Boehringer Ingelheim has put up $201 million (€173 million) to work with Dicerna Pharmaceuticals on RNAi treatments for NASH and other chronic liver diseases. The goal is to use Dicerna’s GalXC technology to silence previously inaccessible drug targets, thereby restoring liver function.
Germany’s Boehringer is paying an upfront fee of undisclosed size and committing to a package of milestones and R&D funding that could theoretically top $200 million to work with Dicerna. In return, Boehringer gets to add Dicerna’s RNAi technology platform to the toolkit it is using to treat cardiometabolic diseases.
Dicerna designed GalXC to enable the subcutaneous administration of RNAi therapeutics, without using formulation components such as lipid nanoparticles to aid delivery. Once in the bloodstream, the GalXC molecules travel to the liver, where they enter hepatocyte cells and act on their RNAi machinery.
Neither Boehringer nor Dicerna have fleshed out exactly how they will apply this approach to the treatment of NASH and other chronic diseases. Most importantly, the companies have yet to say which target they are going after.
Other companies have also tried to treat NASH and its symptoms with RNA-based approaches. AstraZeneca and Regulus Therapeutics took their microRNA AZD4076 as far as phase 2, only to can the program earlier this year.

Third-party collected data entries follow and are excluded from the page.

Theorem theorem1 (R : realType) (c : R) (hc : 0 < c) :
  exists K : R, 0 < K /\
  forall (n : nat) (C : 'M[R]_n) (U' : 'rV[R]_n -> 'rV[R]_n -> R)
         (r : R) (m H : nat) (lmax lmin : R)
         (theta omega : nat -> 'rV[R]_n),
    C \in unitmx ->
    is_lambda_max (C *m C^T) lmax ->
    is_lambda_min (C *m C^T) lmin ->
    0 < r -> (0 < m)%N -> (0 < H)%N ->
    (forall p : 'rV[R]_n * 'rV[R]_n,
        differentiable (fun q : 'rV[R]_n * 'rV[R]_n => U' q.1 q.2) p) ->
    (forall t : nat,
        norm2 (row_mx (grad_theta U' (theta t.+1) (omega t.+1))
                      (grad_omega U' (theta t.+1) (omega t.+1)))
          <= c * ntk_rate r m H) ->
    (forall t : nat,
        theta t.+1 = theta t - (1 / Num.sqrt lmax) *:
                       grad_theta (utility C U') (theta t.+1) (omega t.+1) /\
        omega t.+1 = omega t + (1 / Num.sqrt lmax) *:
                       grad_omega (utility C U') (theta t.+1) (omega t.+1)) ->
    (limn_esup (fun t => (norm2 (row_mx (theta t) (omega t)))%:E)
      <= (K * (1 / (1 - 1 / Num.sqrt 2)) * ntk_rate r m H
            * (Num.sqrt lmax / lmin))%:E)%E.
Proof.
exists c; split=> // n C U' r m H lmax lmin theta omega C_unit [_ lmax_max] lmin_min
  _ _ _ dU grad_le iu.
have [lmin_gt0 lmin_C lmin_CT] := lambda_min_gram C_unit lmin_min.
have lmin_le_lmax : lmin <= lmax := lmax_max _ lmin_min.1.
set eta := 1 / Num.sqrt lmax; set alpha := c * ntk_rate r m H.
have eta_gt0 : 0 < eta by rewrite divr_gt0 // sqrtr_gt0 (lt_le_trans lmin_gt0).
have step t :
    Num.sqrt (1 + eta ^+ 2 * lmin) * norm2 (row_mx (theta t.+1) (omega t.+1))
      <= norm2 (row_mx (theta t) (omega t)) + eta * alpha.
  have [th_next om_next] := iu t.
  rewrite grad_theta_utility // in th_next; rewrite grad_omega_utility // in om_next.
  exact: implicit_update_contraction (ltW lmin_gt0) (ltW eta_gt0) lmin_C lmin_CT
    (grad_le t) th_next om_next.
have q_gt1 := sqrt1D_gt1 (mulr_gt0 (exprn_gt0 2 eta_gt0) lmin_gt0).
apply: le_trans (limn_esup_le_contraction q_gt1 step) _; rewrite lee_fin.
rewrite mulrAC mulrC -/alpha.
have -> : c * (1 / (1 - 1 / Num.sqrt 2)) * ntk_rate r m H * (Num.sqrt lmax / lmin)
          = alpha * (1 / (1 - 1 / Num.sqrt 2) * (Num.sqrt lmax / lmin)).
  by rewrite /alpha; ring.
rewrite ler_wpM2l ?(mulr_ge0 (ltW hc) (ntk_rate_ge0 _ _ _)) //.
exact: implicit_update_radius_le.
Qed.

Bristol-Myers Squibb bought its way into an overlapping area one year ago when it struck a deal for Nitto Denko’s phase 1b targeted siRNA lipid nanoparticle ND-L02-s0201. That drug is designed to target heat shock protein 47.
RELATED: Boehringer strikes $250M deal for phase 1 NASH drug
Boehringer’s decision to explore the use of RNAi to treat NASH comes two years after it moved into the indication through a deal with Pharmaxis. That deal gave Boehringer the rights to a drug designed to block leukocyte adhesion and tissue infiltration during inflammation in return for $31 million upfront and up to $222 million in milestones.
The Dicerna program, while less advanced than the now-phase 2a BI 1467335, gives Boehringer a different, potentially more effective way of treating the growing population of NASH patients. Those patients are positioned to gain access to a barrage of new treatment options over the coming years if front-runners Genfit and Intercept and a chasing pack that includes Allergan and Gilead can get their drugs over the finish line.